• What you need to do: Produce an exact copy of the lines below, starting at the first and ending with the line containing "From HB Require Import structures.".

• Collected data entries:
- Opening Delimiter -
(* Let $U_2$ be a unitary matrix with real entries having a unique (up to scalars) eigenvector $|\phi_0\rangle$ of eigenvalue $1$, chosen with real entries and norm $1$; let $|\mu\rangle$ be a unit vector with real entries, $U_1=I-2|\mu\rangle\langle\mu|$, $U=U_2U_1$, and $|\tilde\phi_0\rangle=|\phi_0\rangle-\langle\mu|\phi_0\rangle|\mu\rangle$. Let $\varepsilon\in(0,1)$. For every $T\ge\max\{1,\mathsf{QHT}_\varepsilon(U_2,|\mu\rangle)\}$, the procedure $\mathbf{Detect}(U,1/T,\varepsilon)$ accepts $|\tilde\phi_0\rangle$ with probability $\|\tilde\phi_0\|^2-O(\varepsilon)$ if $\langle\phi_0|\mu\rangle\ne0$, and accepts with probability $0$ otherwise. Moreover the number of applications of $\text{c-}U$ is $O(\log(1/\varepsilon)\cdot T)$.
   Context: Decompose $|\tilde\phi_0\rangle$ in eigenvectors of the real unitary $U$: $|\tilde\phi_0\rangle=\delta_0|w_0\rangle+\sum_{1\le j\le J}\delta_j(|w_j^+\rangle+|w_j^-\rangle)+\delta_{-1}|w_{-1}\rangle$ with real coefficients, where $|w_0\rangle$ (resp. $|w_{-1}\rangle$) is a unit eigenvector of eigenvalue $1$ (resp. $-1$), and $|w_j^\pm\rangle$ are unit eigenvectors of eigenvalues $e^{\pm i\alpha_j}$, $0<\alpha_j<\pi$, with $|w_j^-\rangle=\overline{|w_j^+\rangle}$. $\mathit{QH}$ is the random variable equal to $1/\alpha_j$ with probability $2\delta_j^2$, to $1/\pi$ with probability $\delta_{-1}^2$, and to $0$ otherwise. The quantum $\varepsilon$-error $|\mu\rangle$-hitting time of $U_2$ is $\mathsf{QHT}_\varepsilon(U_2,|\mu\rangle)=\min\{y:\Pr[\mathit{QH}>y]\le\varepsilon\}$. ''Accepts with probability $p$'' on an unnormalized input means the accepting branch has squared norm $p$. $\mathbf{Estimate}$ is the standard phase estimation circuit for $U$ with precision $\Delta$ (on an eigenvector with eigenphase $\alpha\in(-\pi,\pi]$ it outputs $\alpha$ within $\Delta$ with error probability at most $1/3$, outputs $0$ with certainty on a $1$-eigenvector, and uses $O(1/\Delta)$ calls to $\text{c-}U$ and its inverse). $\mathbf{Detect}(U,\Delta,\varepsilon)$ on input $|\psi\rangle$: apply $\Theta(\log(1/\varepsilon))$ times $\mathbf{Estimate}$ with precision $\Delta$ to the same state $|\psi\rangle$; accept if at least one estimated phase is nonzero, otherwise reject. *)

From HB Require Import structures.
From mathcomp Require Import all_boot all_order all_algebra.
From mathcomp Require Import complex.
From mathcomp Require Import boolp classical_sets reals exp trigo.

Set Implicit Arguments.
Unset Strict Implicit.
Unset Printing Implicit Defensive.

Import Order.TTheory GRing.Theory Num.Theory.
Local Open Scope ring_scope.
Local Open Scope complex_scope.

Section QuantumWalkDefs.
Variable R : realType.
Local Notation C := R[i].

Definition expi (a : R) : C := cos a +i* sin a.

Definition csqn (z : C) : R := complex.Re z ^+ 2 + complex.Im z ^+ 2.

Definition vnorm2 n (v : 'cV[C]_n) : R := \sum_i csqn (v i 0).

Definition conjmx m n (A : 'M[C]_(m, n)) : 'M[C]_(m, n) := map_mx conjc A.
Definition adjmx m n (A : 'M[C]_(m, n)) : 'M[C]_(n, m) := (conjmx A)^T.

Definition inner n (u v : 'cV[C]_n) : C := (adjmx u *m v) 0 0.

Definition unitary n (A : 'M[C]_n) : Prop := adjmx A *m A = 1%:M.

Definition real_mx m n (A : 'M[C]_(m, n)) : Prop :=
  forall i j, complex.Im (A i j) = 0.

Definition reflection n (mu : 'cV[C]_n) : 'M[C]_n :=
  1%:M - 2%:R *: (mu *m adjmx mu).

Definition tilde_phi n (phi0 mu : 'cV[C]_n) : 'cV[C]_n :=
  phi0 - inner mu phi0 *: mu.

(* The decomposition
     v = d0 w0 + sum_{j<J} d_j (w_j^+ + w_j^-) + dm1 w_{-1}
   of v in eigenvectors of the real unitary U, with real coefficients,
   w_j^- = conj(w_j^+), U w_j^+ = e^{i al_j} w_j^+, 0 < al_j < pi,
   the al_j pairwise distinct (one term per eigenphase).
   A unit eigenvector is only required when its coefficient is nonzero
   (a vanishing component need not correspond to an actual eigenvalue). *)
Definition eigen_decomp n (U : 'M[C]_n) (v : 'cV[C]_n) (J : nat)
    (d0 dm1 : R) (d al : 'I_J -> R) (w0 wm1 : 'cV[C]_n) (wp : 'I_J -> 'cV[C]_n)
    : Prop :=
  [/\ v = d0%:C *: w0 + \sum_(j < J) (d j)%:C *: (wp j + conjmx (wp j))
          + dm1%:C *: wm1,
      d0 = 0 \/ (vnorm2 w0 = 1 /\ U *m w0 = w0),
      dm1 = 0 \/ (vnorm2 wm1 = 1 /\ U *m wm1 = - wm1),
      forall j, (0 < al j < pi) /\
        (d j = 0 \/ (vnorm2 (wp j) = 1 /\ U *m wp j = expi (al j) *: wp j))
    & injective al].

(* Pr[QH > y] where QH = 1/al_j w.p. 2 d_j^2, = 1/pi w.p. dm1^2, = 0 otherwise *)
Definition QH_tail (J : nat) (d al : 'I_J -> R) (dm1 : R) (y : R) : R :=
  if y < 0 then 1
  else \sum_(j < J | y < (al j)^-1) 2 * d j ^+ 2
       + (if y < pi^-1 then dm1 ^+ 2 else 0).

(* QHT_eps = min { y | Pr[QH > y] <= eps }  (the minimum exists; we write inf) *)
Definition QHT (eps : R) (J : nat) (d al : 'I_J -> R) (dm1 : R) : R :=
  inf [set y : R | QH_tail d al dm1 y <= eps].

Definition close_phase (Delta o a : R) : Prop :=
  exists k : int, `|o - a - k%:~R * (2 * pi)| < Delta.

(* Estimate for U with precision Delta, described by its measurement
   operators: E o = (I (x) <o|) Circuit (I (x) |0>), outcome o having
   label (estimated phase) lab o.
   - the circuit is an isometry: sum_o E_o^* E_o = I;
   - on an eigenvector w with eigenphase a in (-pi, pi], the first register
     is left in (a multiple of) w and, with probability >= 2/3, the output
     is within Delta of a;
   - on a 1-eigenvector the output is 0 with certainty. *)
Definition is_estimate n (U : 'M[C]_n) (Delta : R) m (lab : 'I_m -> R)
    (E : 'I_m -> 'M[C]_n) : Prop :=
  [/\ \sum_(o < m) adjmx (E o) *m E o = 1%:M,
      forall (w : 'cV[C]_n) (a : R), - pi < a <= pi ->
        U *m w = expi a *: w ->
        (forall o, exists c : C, E o *m w = c *: w) /\
        2 / 3 * vnorm2 w <=
          \sum_(o < m | `[< close_phase Delta (lab o) a >]) vnorm2 (E o *m w)
    & forall w : 'cV[C]_n, U *m w = w ->
        \sum_(o < m | lab o == 0) vnorm2 (E o *m w) = vnorm2 w].

(* Run Estimate successively (fresh output registers) along the outcome
   sequence s; the result is the (unnormalized) branch of the first register. *)
Definition apply_seq n m (E : 'I_m -> 'M[C]_n) (s : seq 'I_m) (v : 'cV[C]_n)
    : 'cV[C]_n :=
  foldl (fun x o => E o *m x) v s.

(* Detect with k repetitions: squared norm of the accepting branch
   (at least one estimated phase nonzero). *)
Definition detect_accept n m (lab : 'I_m -> R) (E : 'I_m -> 'M[C]_n) (k : nat)
    (v : 'cV[C]_n) : R :=
  \sum_(t : k.-tuple 'I_m | has (fun o => lab o != 0) t)
     vnorm2 (apply_seq E t v).

Definition detect_reps (c0 eps : R) : nat := `|Num.ceil (c0 * ln eps^-1)|%N.

End QuantumWalkDefs.

From Pilot Require Import Defs.
From mathcomp Require Import all_boot all_order all_algebra.
From mathcomp Require Import complex.
From mathcomp Require Import boolp classical_sets reals exp trigo.
From mathcomp Require Import ring lra zify.
Import Order.TTheory GRing.Theory Num.Theory.
Import Pilot.Defs.

Set Implicit Arguments.
Unset Strict Implicit.
Unset Printing Implicit Defensive.
Local Open Scope ring_scope.
Local Open Scope complex_scope.

(* Detect rejects only on branches where every Estimate outcome is 0.  The
   walk operator U = U2 U1 is real and unitary, so |phi~_0> splits into
   orthogonal eigencomponents with distinct eigenphases, and each round of
   Estimate keeps every component an eigenvector.  Rejection is therefore
   additive over the components, and multiplicative over rounds on each one:
   a component of eigenphase at least 1/T survives a round with weight at most
   1/3, while the components of eigenphase below 1/T carry total weight at most
   eps by the choice T >= QHT_eps.  With ln(1/eps)/ln 3 rounds the rejected
   weight is at most 2 eps.  If <phi_0|mu> = 0 then |phi~_0> = |phi_0> is a
   1-eigenvector of U and is never accepted; if <phi_0|mu> <> 0, U has no
   1-eigenvector at all. *)

Section Inner.
Variable R : realType.
Local Notation C := R[i].

Lemma csqnE (z : C) : (csqn z)%:C = conjc z * z.
Proof.
case: z => a b; rewrite /csqn /=; apply/eqP; rewrite eq_complex /=.
by apply/andP; split; apply/eqP; ring.
Qed.

Lemma csqn_ge0 (z : C) : 0 <= csqn z.
Proof. by rewrite /csqn addr_ge0 // sqr_ge0. Qed.

Lemma csqn_real (r : R) : csqn r%:C = r ^+ 2.
Proof. by rewrite /csqn /= expr0n /= addr0. Qed.

Lemma vnorm2_ge0 n (v : 'cV[C]_n) : 0 <= vnorm2 v.
Proof. by rewrite /vnorm2 sumr_ge0 // => i _; exact: csqn_ge0. Qed.

Lemma vnorm20 n : vnorm2 (0 : 'cV[C]_n) = 0.
Proof. by rewrite /vnorm2 big1 // => i _; rewrite mxE csqn_real expr0n. Qed.

Lemma vnorm2_conj n (v : 'cV[C]_n) : vnorm2 (conjmx v) = vnorm2 v.
Proof.
by apply: eq_bigr => i _; rewrite mxE; case: (v i 0) => a b; rewrite /csqn /= sqrrN.
Qed.

Lemma conjmxM m n p (A : 'M[C]_(m, n)) (B : 'M[C]_(n, p)) :
  conjmx (A *m B) = conjmx A *m conjmx B.
Proof. exact: map_mxM. Qed.

Lemma conjmxZ m n (c : C) (A : 'M[C]_(m, n)) : conjmx (c *: A) = c^* *: conjmx A.
Proof. by apply/matrixP => i j; rewrite !mxE rmorphM. Qed.

Lemma conjmx_real m n (A : 'M[C]_(m, n)) : real_mx A -> conjmx A = A.
Proof.
move=> Ar; apply/matrixP => i j; rewrite mxE; move: (Ar i j).
by case: (A i j) => a b /= ->; rewrite oppr0.
Qed.

Lemma adjmxM m n p (A : 'M[C]_(m, n)) (B : 'M[C]_(n, p)) :
  adjmx (A *m B) = adjmx B *m adjmx A.
Proof. by rewrite /adjmx conjmxM trmx_mul. Qed.

Lemma adjmxK m n (A : 'M[C]_(m, n)) : adjmx (adjmx A) = A.
Proof. by apply/matrixP => i j; rewrite !mxE conjcK. Qed.

Lemma adjmxZ m n (c : C) (A : 'M[C]_(m, n)) : adjmx (c *: A) = c^* *: adjmx A.
Proof. by apply/matrixP => i j; rewrite !mxE rmorphM. Qed.

Lemma adjmxB m n (A B : 'M[C]_(m, n)) : adjmx (A - B) = adjmx A - adjmx B.
Proof. by apply/matrixP => i j; rewrite !mxE rmorphB. Qed.

Lemma adjmx1 n : adjmx (1%:M : 'M[C]_n) = 1%:M.
Proof. by apply/matrixP => i j; rewrite !mxE rmorph_nat eq_sym. Qed.

Lemma innerE n (u v : 'cV[C]_n) : inner u v = \sum_j (u j 0)^* * v j 0.
Proof. by rewrite /inner mxE; apply: eq_bigr => j _; rewrite !mxE. Qed.

Lemma inner_vnorm2 n (v : 'cV[C]_n) : inner v v = (vnorm2 v)%:C.
Proof.
by rewrite innerE /vnorm2 rmorph_sum; apply: eq_bigr => j _; rewrite -csqnE.
Qed.

Lemma inner_conj n (u v : 'cV[C]_n) : inner v u = (inner u v)^*.
Proof.
by rewrite !innerE rmorph_sum; apply: eq_bigr => j _; rewrite rmorphM /= conjcK mulrC.
Qed.

Lemma inner_mulmx n (A : 'M[C]_n) (u v : 'cV[C]_n) :
  inner u (A *m v) = inner (adjmx A *m u) v.
Proof. by rewrite /inner adjmxM adjmxK mulmxA. Qed.

Lemma innerZr n (c : C) (u v : 'cV[C]_n) : inner u (c *: v) = c * inner u v.
Proof. by rewrite /inner -scalemxAr mxE. Qed.

Lemma innerZl n (c : C) (u v : 'cV[C]_n) : inner (c *: u) v = c^* * inner u v.
Proof. by rewrite /inner adjmxZ -scalemxAl mxE. Qed.

Lemma innerBr n (u v w : 'cV[C]_n) : inner u (v - w) = inner u v - inner u w.
Proof. by rewrite /inner mulmxBr !mxE. Qed.

Lemma innerBl n (u v w : 'cV[C]_n) : inner (u - v) w = inner u w - inner v w.
Proof. by rewrite /inner adjmxB mulmxBl !mxE. Qed.

Lemma inner_sumr n (I : finType) (u : 'cV[C]_n) (x : I -> 'cV[C]_n) :
  inner u (\sum_i x i) = \sum_i inner u (x i).
Proof. by rewrite /inner mulmx_sumr summxE. Qed.

Lemma inner_suml n (I : finType) (u : 'cV[C]_n) (x : I -> 'cV[C]_n) :
  inner (\sum_i x i) u = \sum_i inner (x i) u.
Proof.
rewrite inner_conj inner_sumr rmorph_sum.
by apply: eq_bigr => i _; rewrite [RHS]inner_conj.
Qed.

Lemma vnorm2Z n (c : C) (v : 'cV[C]_n) : vnorm2 (c *: v) = csqn c * vnorm2 v.
Proof.
apply: (@complexI R); rewrite -inner_vnorm2 innerZl innerZr inner_vnorm2.
by rewrite rmorphM /= csqnE mulrA.
Qed.

Lemma vnorm2_real_scale (r : R) n (w : 'cV[C]_n) : r = 0 \/ vnorm2 w = 1 ->
  vnorm2 (r%:C *: w) = r ^+ 2.
Proof.
by rewrite vnorm2Z csqn_real => -[->|->]; rewrite ?mulr1 // expr0n mul0r.
Qed.

Lemma vnorm2_sum_orth n (I : finType) (x : I -> 'cV[C]_n) :
  (forall i j, i != j -> inner (x i) (x j) = 0) ->
  vnorm2 (\sum_i x i) = \sum_i vnorm2 (x i).
Proof.
move=> orth; apply: (@complexI R); rewrite -inner_vnorm2 rmorph_sum inner_suml.
apply: eq_bigr => i _; rewrite inner_sumr (bigD1 i) //= big1 ?addr0 ?inner_vnorm2 //.
by move=> j ji; apply: orth; rewrite eq_sym.
Qed.

Lemma mx11_scalar (B : 'M[C]_1) : B = (B 0 0)%:M.
Proof. by apply/matrixP => i j; rewrite !ord1 mxE eqxx mulr1n. Qed.

Lemma eigvec_orth n (U : 'M[C]_n) (x y : 'cV[C]_n) (l1 l2 : C) :
  adjmx U *m U = 1%:M -> U *m x = l1 *: x -> U *m y = l2 *: y ->
  l1^* * l1 = 1 -> l1 != l2 -> inner x y = 0.
Proof.
move=> Uu Ux Uy l1u l12.
have xy : inner x y = l1^* * l2 * inner x y.
  rewrite -{1}[y]mul1mx -Uu -mulmxA inner_mulmx adjmxK Ux Uy innerZl innerZr.
  by rewrite mulrA.
have l1l2 : l1^* * l2 != 1.
  apply: contra l12 => /eqP e; apply/eqP.
  by rewrite -[l2]mul1r -l1u mulrAC e mul1r.
have /eqP : (1 - l1^* * l2) * inner x y = 0 by rewrite mulrBl mul1r -xy subrr.
by rewrite mulf_eq0 subr_eq0 eq_sym (negbTE l1l2) => /eqP.
Qed.

Lemma conjmx_eigvec n (U : 'M[C]_n) (w : 'cV[C]_n) (l : C) :
  conjmx U = U -> U *m w = l *: w -> U *m conjmx w = l^* *: conjmx w.
Proof. by move=> Ur Uw; rewrite -{1}Ur -conjmxM Uw conjmxZ. Qed.

End Inner.

Section Reflection.
Variable R : realType.
Local Notation C := R[i].
Variables (n : nat) (mu : 'cV[C]_n).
- Closing Delimiter -
• Reply:
(* Let $U_2$ be a unitary matrix with real entries having a unique (up to scalars) eigenvector $|\phi_0\rangle$ of eigenvalue $1$, chosen with real entries and norm $1$; let $|\mu\rangle$ be a unit vector with real entries, $U_1=I-2|\mu\rangle\langle\mu|$, $U=U_2U_1$, and $|\tilde\phi_0\rangle=|\phi_0\rangle-\langle\mu|\phi_0\rangle|\mu\rangle$. Let $\varepsilon\in(0,1)$. For every $T\ge\max\{1,\mathsf{QHT}_\varepsilon(U_2,|\mu\rangle)\}$, the procedure $\mathbf{Detect}(U,1/T,\varepsilon)$ accepts $|\tilde\phi_0\rangle$ with probability $\|\tilde\phi_0\|^2-O(\varepsilon)$ if $\langle\phi_0|\mu\rangle\ne0$, and accepts with probability $0$ otherwise. Moreover the number of applications of $\text{c-}U$ is $O(\log(1/\varepsilon)\cdot T)$.
   Context: Decompose $|\tilde\phi_0\rangle$ in eigenvectors of the real unitary $U$: $|\tilde\phi_0\rangle=\delta_0|w_0\rangle+\sum_{1\le j\le J}\delta_j(|w_j^+\rangle+|w_j^-\rangle)+\delta_{-1}|w_{-1}\rangle$ with real coefficients, where $|w_0\rangle$ (resp. $|w_{-1}\rangle$) is a unit eigenvector of eigenvalue $1$ (resp. $-1$), and $|w_j^\pm\rangle$ are unit eigenvectors of eigenvalues $e^{\pm i\alpha_j}$, $0<\alpha_j<\pi$, with $|w_j^-\rangle=\overline{|w_j^+\rangle}$. $\mathit{QH}$ is the random variable equal to $1/\alpha_j$ with probability $2\delta_j^2$, to $1/\pi$ with probability $\delta_{-1}^2$, and to $0$ otherwise. The quantum $\varepsilon$-error $|\mu\rangle$-hitting time of $U_2$ is $\mathsf{QHT}_\varepsilon(U_2,|\mu\rangle)=\min\{y:\Pr[\mathit{QH}>y]\le\varepsilon\}$. ''Accepts with probability $p$'' on an unnormalized input means the accepting branch has squared norm $p$. $\mathbf{Estimate}$ is the standard phase estimation circuit for $U$ with precision $\Delta$ (on an eigenvector with eigenphase $\alpha\in(-\pi,\pi]$ it outputs $\alpha$ within $\Delta$ with error probability at most $1/3$, outputs $0$ with certainty on a $1$-eigenvector, and uses $O(1/\Delta)$ calls to $\text{c-}U$ and its inverse). $\mathbf{Detect}(U,\Delta,\varepsilon)$ on input $|\psi\rangle$: apply $\Theta(\log(1/\varepsilon))$ times $\mathbf{Estimate}$ with precision $\Delta$ to the same state $|\psi\rangle$; accept if at least one estimated phase is nonzero, otherwise reject. *)

From HB Require Import structures.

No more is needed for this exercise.